Level the volume of all your mp3 files

Martin Brinkmann
Jan 25, 2008
Updated • Jan 1, 2014
Music, Software

MP3 collections grow over time. You rip some CDs, record Internet radio, get some files from friends, download music from the Internet or purchase stuff in an online store.

After a while you have got thousands of mp3 files from different sources and a problem. The problem is that the volume of these files is usually not leveled.If that is the case, you may find yourself constantly increasing and decreasing the volume of your music player or mp3 player to normalize the music.

Some songs may be too loud, while others not loud enough.

One option that you have is to level all music so that you do not experience the issue anymore for music that you have already processed that way.

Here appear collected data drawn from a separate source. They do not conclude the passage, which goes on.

(** Concavity of [ln] at [t]: the chord slope is at most [1/t]. *)
Lemma ln_sub_le s t : 0 < s -> 0 < t -> ln s - ln t <= (s - t) / t.
Proof.
  intros Hs Ht.
  assert (Hq : 0 < s / t) by (apply Rdiv_lt_0_compat; assumption).
  pose proof (exp_ineq1_le (ln (s / t))) as Hexp. rewrite exp_ln in Hexp by exact Hq.
  unfold Rdiv in *. rewrite ln_mult, ln_Rinv in Hexp by (auto; apply Rinv_0_lt_compat; auto).
  replace ((s - t) * / t) with (s * / t - 1) by (field; lra). lra.
Qed.

Lemma ln_sub_bound a b c r :
  0 < c <= b -> 0 < a -> a - b <= r -> 0 <= r -> ln a - ln b <= r / c.
Proof.
  intros Hc Ha Hab Hr. pose proof (ln_sub_le a b Ha ltac:(lra)) as Hl.
  assert (Hrc : 0 <= r / c) by (unfold Rdiv; apply Rmult_le_pos; [lra | left; apply Rinv_0_lt_compat; lra]).
  destruct (Rle_lt_dec (a - b) 0) as [Hn|Hp].
  - assert ((a - b) / b <= 0); [|lra].
    assert (0 < / b) by (apply Rinv_0_lt_compat; lra). unfold Rdiv. nra.
  - assert ((a - b) / b <= r / c); [|lra].
    unfold Rdiv. apply Rmult_le_compat; try lra.
    + left. apply Rinv_0_lt_compat; lra.
    + apply Rinv_le_contravar; lra.
Qed.

Lemma list_upper_bound {A} (f : A -> R) (l : list A) :
  exists M, 0 <= M /\ forall a, In a l -> f a <= M.
Proof.
  induction l as [|a l [M [HM Hl]]].
  - exists 0. split; [lra | intros a []].
  - exists (Rmax M (f a)). split; [eapply Rle_trans; [exact HM | apply Rmax_l]|].
    intros b [<-|Hb]; [apply Rmax_r|].
    eapply Rle_trans; [apply Hl; exact Hb | apply Rmax_l].
Qed.

Lemma list_pos_lower_bound {A} (P : A -> Prop) (f : A -> R) (l : list A) :
  (forall a, In a l -> P a -> 0 < f a) ->
  exists m, 0 < m /\ forall a, In a l -> P a -> m <= f a.
Proof.
  induction l as [|a l IH]; intros Hpos.
  - exists 1. split; [lra | intros a []].
  - destruct IH as [m [Hm Hl]]; [intros; apply Hpos; simpl; auto|].
    destruct (classic (P a)) as [Pa|Pa].
    + exists (Rmin m (f a)). split; [apply Rmin_glb_lt; auto; apply Hpos; simpl; auto|].
      intros b [<-|Hb] Pb; [apply Rmin_r|].
      eapply Rle_trans; [apply Rmin_l | apply Hl; auto].
    + exists m. split; [exact Hm|]. intros b [<-|Hb] Pb; [contradiction | auto].
Qed.

Lemma interval_cover (rho : R -> R) :
  (forall s, 0 <= s <= 1 -> 0 < rho s) ->
  exists S, (forall s, In s S -> 0 <= s <= 1) /\
    forall z, 0 <= z <= 1 -> exists s, In s S /\ Rabs (z - s) < rho s.
Proof.
  intros Hr.
  set (U := fun s z => 0 <= s <= 1 /\ Rabs (z - s) < rho s).
  assert (HU : forall s, (exists z, U s z) -> 0 <= s <= 1) by (intros s [z [Hs _]]; exact Hs).
  destruct (compact_P3 0 1 (mkfamily (fun s => 0 <= s <= 1) U HU)) as [D' [Hcov [l Hl]]].
  - split.
    + intros z Hz. exists z. split; [exact Hz|].
      replace (z - z) with 0 by ring. rewrite Rabs_R0. apply Hr; exact Hz.
    + intros s z [Hs Hz]. assert (Hp : 0 < rho s - Rabs (z - s)) by lra.
      exists (mkposreal _ Hp). intros y Hy. unfold disc in Hy; simpl in Hy. split; [exact Hs|].
      replace (y - s) with ((y - z) + (z - s)) by ring.
      pose proof (Rabs_triang (y - z) (z - s)). lra.
  - exists l. split.
    + intros s Hs. apply Hl in Hs. apply Hs.
    + intros z Hz. destruct (Hcov z Hz) as [s [[Hs Hzs] HD]].
      exists s. split; [apply Hl; split|]; assumption.
Qed.

(** ** The cone metric

    It is a genuine pseudometric on levels [t >= 0]
    thanks to [diam X <= 1]; points with negative level only occur as
    junk points of the ambient type and are handled by [D_neg_ge]. *)

Section ConeMetric.
Variable X : Type.
Variable d : X -> X -> R.
Hypothesis Hm : is_metric d.
Hypothesis Hdiam : forall x y, d x y <= 1.
Notation D := (cone_dist d).

Lemma d_nonneg x y : 0 <= d x y. Proof. apply (metric_nonneg _ Hm). Qed.
Lemma d_sym x y : d x y = d y x. Proof. apply (metric_sym _ Hm). Qed.
Lemma d_self x : d x x = 0. Proof. apply (metric_refl _ Hm). Qed.
Lemma d_tri x y z : d x z <= d x y + d y z. Proof. apply (metric_tri _ Hm). Qed.

Lemma D_sym p q : D p q = D q p.
Proof.
  destruct p as [x t], q as [y s]. unfold cone_dist; simpl.
  rewrite Rmin_comm, d_sym, Rabs_minus_sym. reflexivity.
Qed.

Lemma D_self p : D p p = 0.
Proof.
  destruct p as [x t]. unfold cone_dist; simpl.
  rewrite d_self, Rminus_diag, Rabs_R0. ring.
Qed.

Lemma D_level p q : 0 <= snd p -> 0 <= snd q -> Rabs (snd p - snd q) <= D p q.
Proof.
  destruct p as [x t], q as [y s]; unfold cone_dist; simpl; intros Ht Hs.
  assert (0 <= Rmin t s * d x y); [|lra].
  apply Rmult_le_pos; [apply Rmin_glb; assumption | apply d_nonneg].
Qed.

Lemma D_nonneg p q : 0 <= snd p -> 0 <= snd q -> 0 <= D p q.
Proof.
  intros Hp Hq. pose proof (D_level p q Hp Hq). pose proof (Rabs_pos (snd p - snd q)). lra.
Qed.

Lemma D_below x t y s : 0 <= s <= t -> D (x, t) (y, s) = s * d x y + (t - s).
Proof.
  intros Hs. unfold cone_dist; simpl.
  rewrite Rmin_right, Rabs_right by lra. reflexivity.
Qed.

(** The whole base [X * {0}] is the apex of the cone. *)
Lemma D_to_base x t y : 0 <= t -> D (x, t) (y, 0) = t.
Proof. intros Ht. rewrite D_below by lra. ring. Qed.

Lemma D_tri p q r : 0 <= snd p -> 0 <= snd q -> 0 <= snd r -> D p r <= D p q + D q r.
Proof.
  destruct p as [x t], q as [y s], r as [z u]; unfold cone_dist; simpl; intros Ht Hs Hu.
  pose proof (d_tri x y z). pose proof (d_nonneg x y). pose proof (d_nonneg y z).
  pose proof (d_nonneg x z). pose proof (Hdiam x z).
  destruct (Rle_lt_dec (Rmin t u) s) as [Hle|Hlt].
  - (* the middle point is not below both ends: compare term by term *)
    assert (Rmin t u <= Rmin t s) by (apply Rmin_glb; [apply Rmin_l | assumption]).
    assert (Rmin t u <= Rmin s u) by (apply Rmin_glb; [assumption | apply Rmin_r]).
    assert (0 <= Rmin t u) by (apply Rmin_glb; assumption).
    assert (Rmin t u * d x y <= Rmin t s * d x y) by (apply Rmult_le_compat_r; auto).
    assert (Rmin t u * d y z <= Rmin s u * d y z) by (apply Rmult_le_compat_r; auto).
    assert (Rmin t u * d x z <= Rmin t u * (d x y + d y z)) by (apply Rmult_le_compat_l; auto).
    assert (Rabs (t - u) <= Rabs (t - s) + Rabs (s - u)).
    { replace (t - u) with ((t - s) + (s - u)) by ring. apply Rabs_triang. }
    nra.
  - (* the middle point is strictly below both ends: use [d <= 1] *)
    pose proof (Rmin_l t u). pose proof (Rmin_r t u).
    rewrite (Rmin_right t s), (Rmin_left s u) by lra.
    rewrite (Rabs_right (t - s)), (Rabs_left1 (s - u)) by lra.
    assert (s * d x z <= s * (d x y + d y z)) by (apply Rmult_le_compat_l; lra).
    destruct (Rle_dec t u).
    + rewrite Rmin_left, Rabs_left1 by lra.
      assert ((t - s) * d x z <= (t - s) * 1) by (apply Rmult_le_compat_l; lra). nra.
    + rewrite Rmin_right, Rabs_right by lra.
      assert ((u - s) * d x z <= (u - s) * 1) by (apply Rmult_le_compat_l; lra). nra.
Qed.

Lemma D_le_sum x t y s : 0 <= t <= 1 -> 0 <= s <= 1 -> D (x, t) (y, s) <= d x y + Rabs (t - s).
Proof.
  intros Ht Hs. unfold cone_dist; simpl.
  assert (Rmin t s * d x y <= 1 * d x y); [|lra].
  apply Rmult_le_compat_r; [apply d_nonneg | pose proof (Rmin_l t s); lra].
Qed.

Lemma D_le_max x t y s : 0 <= t <= 1 -> 0 <= s <= 1 -> D (x, t) (y, s) <= Rmax t s.
Proof.
  intros Ht Hs. unfold cone_dist; simpl.
  assert (Rmin t s * d x y <= Rmin t s * 1).
  { apply Rmult_le_compat_l; [apply Rmin_glb; lra | apply Hdiam]. }
  unfold Rmin, Rmax in *; destruct Rle_dec;
    [rewrite Rabs_left1 | rewrite Rabs_right]; lra.
Qed.

Lemma D_neg_ge p q : 0 <= snd p -> snd q < 0 -> snd p <= D p q.
Proof.
  destruct p as [x t], q as [y s]; unfold cone_dist; simpl; intros Ht Hs.
  rewrite Rmin_right, Rabs_right by lra.
  pose proof (Hdiam x y).
  assert (s * 1 <= s * d x y) by (apply Rmult_le_compat_neg_l; lra). lra.
Qed.

Lemma D_eq0 x t y s : 0 < t -> 0 <= s -> D (x, t) (y, s) = 0 -> x = y /\ s = t.
Proof.
  intros Ht Hs H0. pose proof (D_level (x, t) (y, s) ltac:(simpl; lra) Hs) as Hl.
  simpl in Hl. rewrite H0 in Hl. apply Rabs_le_bounds in Hl.
  assert (s = t) by lra. subst s. split; [|reflexivity].
  apply (metric_sep _ Hm). rewrite D_below in H0 by lra.
  pose proof (d_nonneg x y). nra.
Qed.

Note that you may still experience the issue with new music that gets on your computer, so be prepared to run the following program multiple times. Leveling makes sure that you can listen to all of your music without any volume issues.

The best program in my experience is MP3 Gain. Usage is straightforward. Select files or folders and add them to MP3 Gain. Once they have been added you click on Track Analysis. MP3 Gain analyzes all selected tracks and displays information about them in the program interface.

Once the analysis has been completed you simply click on Track Gain to level the volume of all analyzed tracks. The volume will be adjusted on all tracks. Make sure you update your mp3 collection on your mp3 player as well. This can for instance be done by copying the music over again to the mp3 player, or, in the case that the music is only available on the player, by copying that music to your PC, processing it, and then copying it back to the mp3 player.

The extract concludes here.